If there is a failure on the working link, then the normal
traffic is switched to the protection link, preempting
Extra Traffic if necessary. The bandwidth for the
protection link must be adjusted accordingly.
o Signaling: To establish an LSP on the working link, the
Link Protection object/TLV indicating "Dedicated 1:1"
should be included in the signaling request message for
that LSP. To establish an LSP on the protection link, the
appropriate priority (indicating Extra Traffic) should be
used for that LSP. These objects/TLVs are defined in
[GMPLS-SIG]. If the Link Protection object/TLV is not
used, link selection is a matter of local policy.
o Link management: Both nodes must have a consistent view of
the link protection association for the spans. This can be
done using LMP or via manual configuration.
o When a link failure is detected at the slave, a failure
indication message must be sent to the master informing
the node of the link failure.
2.4 Shared M:N protection
Shared M:N protection is described with respect to two neighboring
nodes A and B. The scenario considered is as follows:
o At any point in time, there are two sets of links between
A and B, i.e., a working set of N (bi-directional) links
carrying traffic subject to protection and a protection
set of M (bi-directional) links. A protection link may be
carrying Extra Traffic. There is no a priori relationship
between the two sets of links, but the value of M and N
may be pre-configured. The specific links in the
protection set MAY be pre-configured to be physically
diverse to avoid the possibility that failure events
affect a large proportion of protection links (along with
working links).
o When a link in the working set is affected by a failure,
the normal traffic is diverted to a link in the protection
set, if such a link is available. Note that such a link
might be carrying more than one LSP, e.g., an OC-192 link
carrying four STS-48 LSPs.
Lang, J., Rajagopalan, B., et al [Page 7]
Internet Draft draft-ietf-ccamp-gmpls-recovery-functional-01.txt
o More than one link in the working set may be affected by
the same failure event. In this case, there may not be an
adequate number of protection links to accommodate all of
the affected traffic carried by failed working links. The
set of affected working links that are actually restored
over available protection links is then subject to
policies (e.g., based on relative priority of working
traffic).

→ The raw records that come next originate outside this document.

Lemma alpha_eta_expansion l G :
  (forall k, has (occurs k) G -> k < N) -> uniq l -> {in l, forall x, x < N} ->
  {in l, forall x, 0 < fup_ctx x G} -> {in l, forall x, 0 < flo_ctx x G} ->
  alpha_eta_equiv (TSeq [::] G) (expansion l G).
Proof.
move=> GN; elim: l => [_ _ _ _|x l IH] /=.
  by rewrite /expansion /= map_id; apply: rst_refl.
case/andP=> xl ul lN lup llo; have xxl : x \in x :: l by rewrite inE eqxx.
have sub : {subset l <= x :: l} by move=> y yl; rewrite inE yl orbT.
have xN := lN x xxl.
have lN' := sub_in1 sub lN.
apply: rst_trans (IH ul lN' (sub_in1 sub lup) (sub_in1 sub llo)) _.
apply: rst_step; right.
have -> : expansion (x :: l) G = TSeq (delta x (N + x) :: [seq delta y (N + y) | y <- l])
                                       (map (sub_up (N + x) x) (map (expand_up l) G)).
  by rewrite /expansion -map_comp.
apply: eta_up.
- rewrite /fup_ctx -map_comp (eq_map (_ : _ =1 fup x)) => [|A /=]; first exact: lup xxl.
  exact: fup_expand_up.
- rewrite /flo_ctx -map_comp (eq_map (_ : _ =1 flo x)) => [|A /=]; first exact: llo xxl.
  exact: flo_expand_up.
- exact: fresh_expansion.
Qed.

End EtaExpansion.

Section FreshBound.
Variable P : eqType.

Fixpoint idx_sum (A : tform P) : nat :=
  match A with
  | TLit _ up lo => sumn up + sumn lo
  | TTensor A B | TPar A B => idx_sum A + idx_sum B
  | TNabla u v A | TTri u v A => u + v + idx_sum A
  end.

Lemma leq_sumn k (s : seq nat) : k \in s -> k <= sumn s.
Proof. by elim: s => //= a s IH; rewrite inE => /orP[/eqP->|/IH]; lia. Qed.

Lemma occurs_leq_idx_sum k (A : tform P) : occurs k A -> k <= idx_sum A.
Proof.
elim: A => [p up lo|A IHA B IHB|A IHA B IHB|u v A IHA|u v A IHA] /=.
- by case/orP=> /leq_sumn; lia.
- by case/orP=> [/IHA|/IHB]; lia.
- by case/orP=> [/IHA|/IHB]; lia.
- by case/or3P=> [/eqP->|/eqP->|/IHA]; lia.
- by case/or3P=> [/eqP->|/eqP->|/IHA]; lia.
Qed.

Definition ctx_bound (G : seq (tform P)) : nat := (sumn (map idx_sum G)).+1.

Lemma has_occurs_ctx_bound k (G : seq (tform P)) : has (occurs k) G -> k < ctx_bound G.
Proof.
rewrite /ctx_bound; elim: G => //= A G IH /orP[/occurs_leq_idx_sum|/IH]; lia.
Qed.

End FreshBound.

Definition long_idx (N k : idx) : idx := if N <= k then idx_l (k - N) else idx_r k.

Lemma long_idx_inj N : injective (long_idx N).
Proof.
by move=> a b; rewrite /long_idx /idx_l /idx_r; case: (leqP N a); case: (leqP N b); lia.
Qed.

Lemma long_idx_up N x : long_idx N (N + x) = idx_l x.
Proof. by rewrite /long_idx leq_addr addKn. Qed.

Lemma long_idx_lo N x : x < N -> long_idx N x = idx_r x.
Proof. by rewrite /long_idx ltnNge => /negbTE->. Qed.

Section LongTranslation.
Variables (P : eqType) (lval : P -> nat).
Implicit Types (G : seq (form P)).

Lemma fup_ctx_red_tr G (G' : seq (tform P)) x :
  Forall2 (red_tr lval) G G' -> fup_ctx x G' = lcount_ctx lval x G.
Proof.
elim=> // A A' G1 G1' rA _; rewrite /fup_ctx /lcount_ctx /= => ->.
by rewrite (fup_red_tr x rA).
Qed.

Lemma flo_ctx_red_tr G (G' : seq (tform P)) x :
  Forall2 (red_tr lval) G G' -> flo_ctx x G' = rcount_ctx lval x G.
Proof.
elim=> // A A' G1 G1' rA _; rewrite /flo_ctx /rcount_ctx /= => ->.
by rewrite (flo_red_tr x rA).
Qed.

Lemma has_occurs_red_tr G (G' : seq (tform P)) x :
  Forall2 (red_tr lval) G G' -> x \in flatten (map (@fv P) G) -> has (occurs x) G'.
Proof.
elim=> // A A' G1 G1' rA _ IH; rewrite /= mem_cat => /orP[/(occurs_red_tr rA)->//|/IH->].
exact: orbT.
Qed.

Lemma all2_aeq_expansion_long N L G (G' : seq (tform P)) :
  Forall2 (red_tr lval) G G' -> (forall k, has (occurs k) G' -> k < N) ->
  uniq L -> {in L, forall x, x < N} -> {subset flatten (map (@fv P) G) <= L} ->
  all2 (aeq [::] (long_idx N)) (map (expand_up N L) G') (map (long_tr lval) G).
Proof.
move=> red GN uL LN; elim: red GN => //= A A' G1 G1' rA _ IH GN fvL.
rewrite IH => [|k kG1|x xG1]; last first.
- by apply: fvL; rewrite mem_cat xG1 orbT.
- by apply: GN; rewrite kG1 orbT.
rewrite andbT aeqE aeq_ul_expand_up // => [|k kA]; last by apply: GN; rewrite kA.
apply: red_tr_aeq_long rA _ => x xA.
have xL : x \in L by apply: fvL; rewrite mem_cat xA.
by rewrite xL; split=> m /=; rewrite ?long_idx_up ?long_idx_lo //; apply: LN.
Qed.

Lemma fv_ctx_bounded N G (G' : seq (tform P)) :
  Forall2 (red_tr lval) G G' -> (forall k, has (occurs k) G' -> k < N) ->
  {in fv_ctx G, forall x, x < N}.
Proof. by move=> red GN x; rewrite mem_undup => /(has_occurs_red_tr red)/GN. Qed.

Lemma alpha_expansion_long N G (G' : seq (tform P)) :
  Forall2 (red_tr lval) G G' -> (forall k, has (occurs k) G' -> k < N) ->
  tseq_alpha (expansion N (fv_ctx G) G') (long_tr_seq lval G).
Proof.
move=> red GN; have LN := fv_ctx_bounded red GN.
exists (long_idx N); split; first exact: long_idx_inj.
split; last by apply: all2_aeq_expansion_long; rewrite ?undup_uniq // => x; rewrite mem_undup.
have -> : map (ren_elem (long_idx N)) [seq delta x (N + x) | x <- fv_ctx G]
          = [seq delta (idx_r x) (idx_l x) | x <- fv_ctx G].
  rewrite -map_comp; apply/eq_in_map => x /LN xN.
  by rewrite /= /ren_elem /= long_idx_up long_idx_lo.
exact: Permutation_refl.
Qed.

End LongTranslation.

Theorem proposition7p2 (P : eqType) (lval arity : P -> nat)
  (Hval : forall p : P, (lval p <= arity p)%N)
  (G : seq (form P)) (S : tseq P) :
  ling_wf lval arity G ->
  red_tr_seq lval G S ->
  alpha_eta_equiv (long_tr_seq lval G) S.
Proof.
case: S => t G' [_ wf] [/= -> red].
set N := ctx_bound G'.
have GN : forall k, has (occurs k) G' -> k < N by move=> k; apply: has_occurs_ctx_bound.
apply: rst_trans (_ : alpha_eta_equiv _ (expansion N (fv_ctx G) G')) _.
  by apply/rst_sym/rst_step; left; apply: alpha_expansion_long.
apply/rst_sym/alpha_eta_expansion; rewrite ?undup_uniq //.
- exact: fv_ctx_bounded red GN.
- by move=> x /wf[lx _]; rewrite (fup_ctx_red_tr _ red) lx.
- by move=> x /wf[_ rx]; rewrite (flo_ctx_red_tr _ red) rx.
Qed.
(* Alpha keeps a compact saturated K_n with an open I_n,
   p(x_n) in I_n, I_n inside K_n, K_n inside V_n, the n-th open set of the
   G_delta and I_(n-1); it plays U_n = p^-1(I_n).  The K_n decrease, and by
   well-filteredness their intersection is the required compact set. *)
Lemma Gdelta_LCS_compactly_choquet_complete {X Y : Type}
  (O : (X -> Prop) -> Prop) (OY : (Y -> Prop) -> Prop) (G : Y -> Prop) (p : X -> Y) :
  is_topology OY -> sober OY -> locally_compact OY -> G_delta OY G ->
  embedding_onto O OY G p -> compactly_choquet_complete O.
Proof.
  intros Htop Hsob Hlc [W [W_open W_G]] Hemb.
  pose proof Hemb as [p_in [p_onto [p_cont p_open]]].
  set (out := fun (st : (Y -> Prop) * (Y -> Prop)) x => snd st (p x)).
  set (Good := fun k prev xk (Vk : X -> Prop) (st : (Y -> Prop) * (Y -> Prop)) =>
    compact OY (fst st) /\ saturated OY (fst st) /\ snd st (p xk) /\
    subset (snd st) (fst st) /\ subset (fst st) (W k) /\
    (forall x, fst st (p x) -> Vk x) /\ subset (fst st) (interior_opt prev)).
  destruct (stateful_strategy O out (fun st => OY (snd st)) Good
              (fun _ => inhabits ((fun _ => True), (fun _ => True))))
    as [s [state [Hout Hgood]]].
  - intros k prev xk Vk OV Vx Hprev.
    destruct (p_open Vk OV) as [V' [OV' HV']].
    destruct (Hlc (p xk) (fun y => (V' y /\ W k y) /\ interior_opt prev y))
      as [Kk [Ik [HKc [HKs [OI [Ixk [HIK HKV]]]]]]].
    + repeat apply (proj1 (proj2 Htop)); auto.
      destruct prev; [apply Hprev | apply Htop].
    + split; [split|].
      * apply HV'; exact Vx.
      * apply W_G, p_in.
      * destruct prev as [st'|]; [apply (proj2 Hprev); exact Vx | exact I].
    + exists (Kk, Ik). split; [exact OI|].
      repeat split; auto; intros y Ky; try apply (HKV y Ky).
      apply HV', (HKV _ Ky).
  - exists s. split.
    + intros x V n Hlegal. rewrite Hout.
      destruct (Hgood x V n Hlegal) as [OI [_ [_ [Ixn [HIK [_ [HKV _]]]]]]].
      split; [apply p_cont; exact OI|]. split; [exact Ixn|].
      intros x' Ix'. apply HKV, HIK, Ix'.
    + intros x V Hlegal.
      set (K := fun n => fst (state x V n)). set (I := fun n => snd (state x V n)).
      assert (Hg : forall n, Good n (previous (state x V) n) (x n) (V n) (state x V n))
        by (intro n; apply Hgood; auto).
      assert (HKc : forall n, compact OY (K n)) by (intro n; apply Hg).
      assert (HKs : forall n, saturated OY (K n)) by (intro n; apply Hg).
      assert (HIK : forall n, subset (I n) (K n)) by (intro n; apply Hg).
      assert (HKI : forall n, subset (K (S n)) (I n)) by (intro n; apply (Hg (S n))).
      assert (HKW : forall n, subset (K n) (W n)) by (intro n; apply Hg).
      assert (HKdecr : forall n, subset (K (S n)) (K n))
        by (intros n y Ky; apply HIK, HKI, Ky).
      set (Kinf := fun y => forall n, K n y).
      assert (HKinfG : subset Kinf G) by (intros y Hy; apply W_G; intro k; apply HKW, Hy).
      exists (fun x' => Kinf (p x')). split; [|split; [|split; [|split]]].
      * destruct (inter_nonempty OY Htop Hsob K HKc HKs HKdecr) as [y Hy].
        { intro n. exists (p (x n)). apply HIK, Hg. }
        destruct (p_onto y (HKinfG y Hy)) as [x' <-]. eauto.
      * apply (compact_preimage O OY G p Hemb); [|exact HKinfG].
        apply inter_compact; assumption.
      * apply (saturated_preimage O OY G p Hemb), inter_saturated, HKs.
      * intros n x' Hx'. rewrite Hout. apply HKI, Hx'.
      * intros U OU HU. destruct (p_open U OU) as [V' [OV' HV']].
        destruct (well_filtered OY Htop Hsob K HKc HKs HKdecr V' OV') as [n Hn].
        { intros y Hy. destruct (p_onto y (HKinfG y Hy)) as [x' <-]. apply HV', HU; exact Hy. }
        exists n. intros x' Hx'. rewrite Hout in Hx'. apply HV', Hn, HIK, Hx'.
Qed.
Lemma poly_eq0_horner (P : {poly K}) : (forall s, P.[s] = 0) -> P = 0.
Proof.
move=> P0; apply/eqP/negPn/negP => Pn0.
have roots : all (root P) [seq k%:R | k <- iota 0 (size P)].
  by apply/allP => z /mapP [k _ ->]; rewrite /root P0.
have := max_poly_roots Pn0 roots.
by rewrite (map_inj_uniq pchar0_natr_inj) iota_uniq size_map size_iota ltnn => /(_ isT).
Qed.

Lemma mpoly_eq0_ev2 (p : {mpoly K[2]}) : (forall x, ev2 p x = 0) -> p = 0.
Proof.
move=> p0; case Ep: (msupp p) => [|ms s]; first exact: msuppnil0.
have ms_p : ms \in msupp p by rewrite Ep mem_head.
have row0 s0 k : \sum_(m <- msupp p) (m iY == k)%:R * (p@_m * s0 ^+ m iX) = 0.
  pose Q := \sum_(m <- msupp p) (p@_m * s0 ^+ m iX) *: 'X^(m iY).
  have /(congr1 (fun q : {poly K} => q`_k)) : Q = 0.
    apply: poly_eq0_horner => t; rewrite -(p0 (s0, t)) ev2_supp /Q horner_sum.
    by apply: eq_bigr => m _; rewrite hornerZ hornerXn.
  rewrite coef0 coef_sum => Qk0; rewrite -[RHS]Qk0.
  by apply: eq_bigr => m _; rewrite coefZ coefXn eq_sym mulrC.
pose R := \sum_(m <- msupp p) ((m iY == ms iY)%:R * p@_m) *: 'X^(m iX).
have /(congr1 (fun q : {poly K} => q`_(ms iX))) : R = 0.
  apply: poly_eq0_horner => s0; rewrite -(row0 s0 (ms iY)) /R horner_sum.
  by apply: eq_bigr => m _; rewrite hornerZ hornerXn mulrA.
rewrite coef0 /R coef_sum (bigD1_seq ms ms_p (msupp_uniq p)) /= coefZ coefXn !eqxx.
rewrite mul1r mulr1 big1_seq ?addr0 => [/eqP|m /andP [m_ms _]].
  by rewrite mcoeff_eq0 ms_p.
rewrite coefZ coefXn; case: (eqVneq (m iY) (ms iY)) => EY; last by rewrite !mul0r.
case: (eqVneq (ms iX) (m iX)) => EX; last by rewrite mulr0.
by case/eqP: m_ms; apply/mnmP => j; case: (ord2P j) => ->.
Qed.

End CharZero.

These policies are not specified in this draft.
o When normal traffic must be diverted from a failed link in
the working set to a protection link, the decision as to
which protection link is chosen is always made by one of
the nodes, A or B. This node is considered the "master"
and it is required to both apply any policies and select
specific protection links to divert working traffic. The
other node is considered the "slave". The determination of
the master and the slave may be based on configured
information, protocol specific requirements, or as a
result of running a neighbor discovery procedure.
o Failure events themselves are detected by transport layer
mechanisms if available (e.g., SONET Alarm Indication
Signal (AIS)/ Remote Defect Indication (RDI)). Since the
bi-directional links are formed by a pair of
unidirectional links, a failure in the link from A to B is
typically detected by B and a failure in the opposite
direction is detected by A. It is possible that a failure
simultaneously affects both directions of the bi-
directional link. In this case, A and B will concurrently
detect failures, in the B-to-A direction and in the A-to-B
direction, respectively.
The basic steps in M:N protection (ignoring reversion) are as
follows:
1. If the master detects a failure of a working link, it
autonomously invokes a process to allocate a protection link
to the affected traffic.
2. If the slave detects a failure of a working link, it MUST
inform the master of the failure using a failure indication
message. The master then invokes the same procedure as above
to allocate a protection link. (It is possible that the
master has itself detected the same failure, for example, a
failure simultaneously affecting both directions of a link).
3. Once the master has determined the identity of the
protection link, it indicates this to the slave and requests
the switchover of the traffic (using a "switchover request"
message). Prior to this, if the protection link is carrying
Extra Traffic, the master stops using the link for this
Lang, J., Rajagopalan, B., et al [Page 8]
Internet Draft draft-ietf-ccamp-gmpls-recovery-functional-01.txt
traffic (i.e., the traffic is dropped by the master and not
forwarded into or out of the protection link).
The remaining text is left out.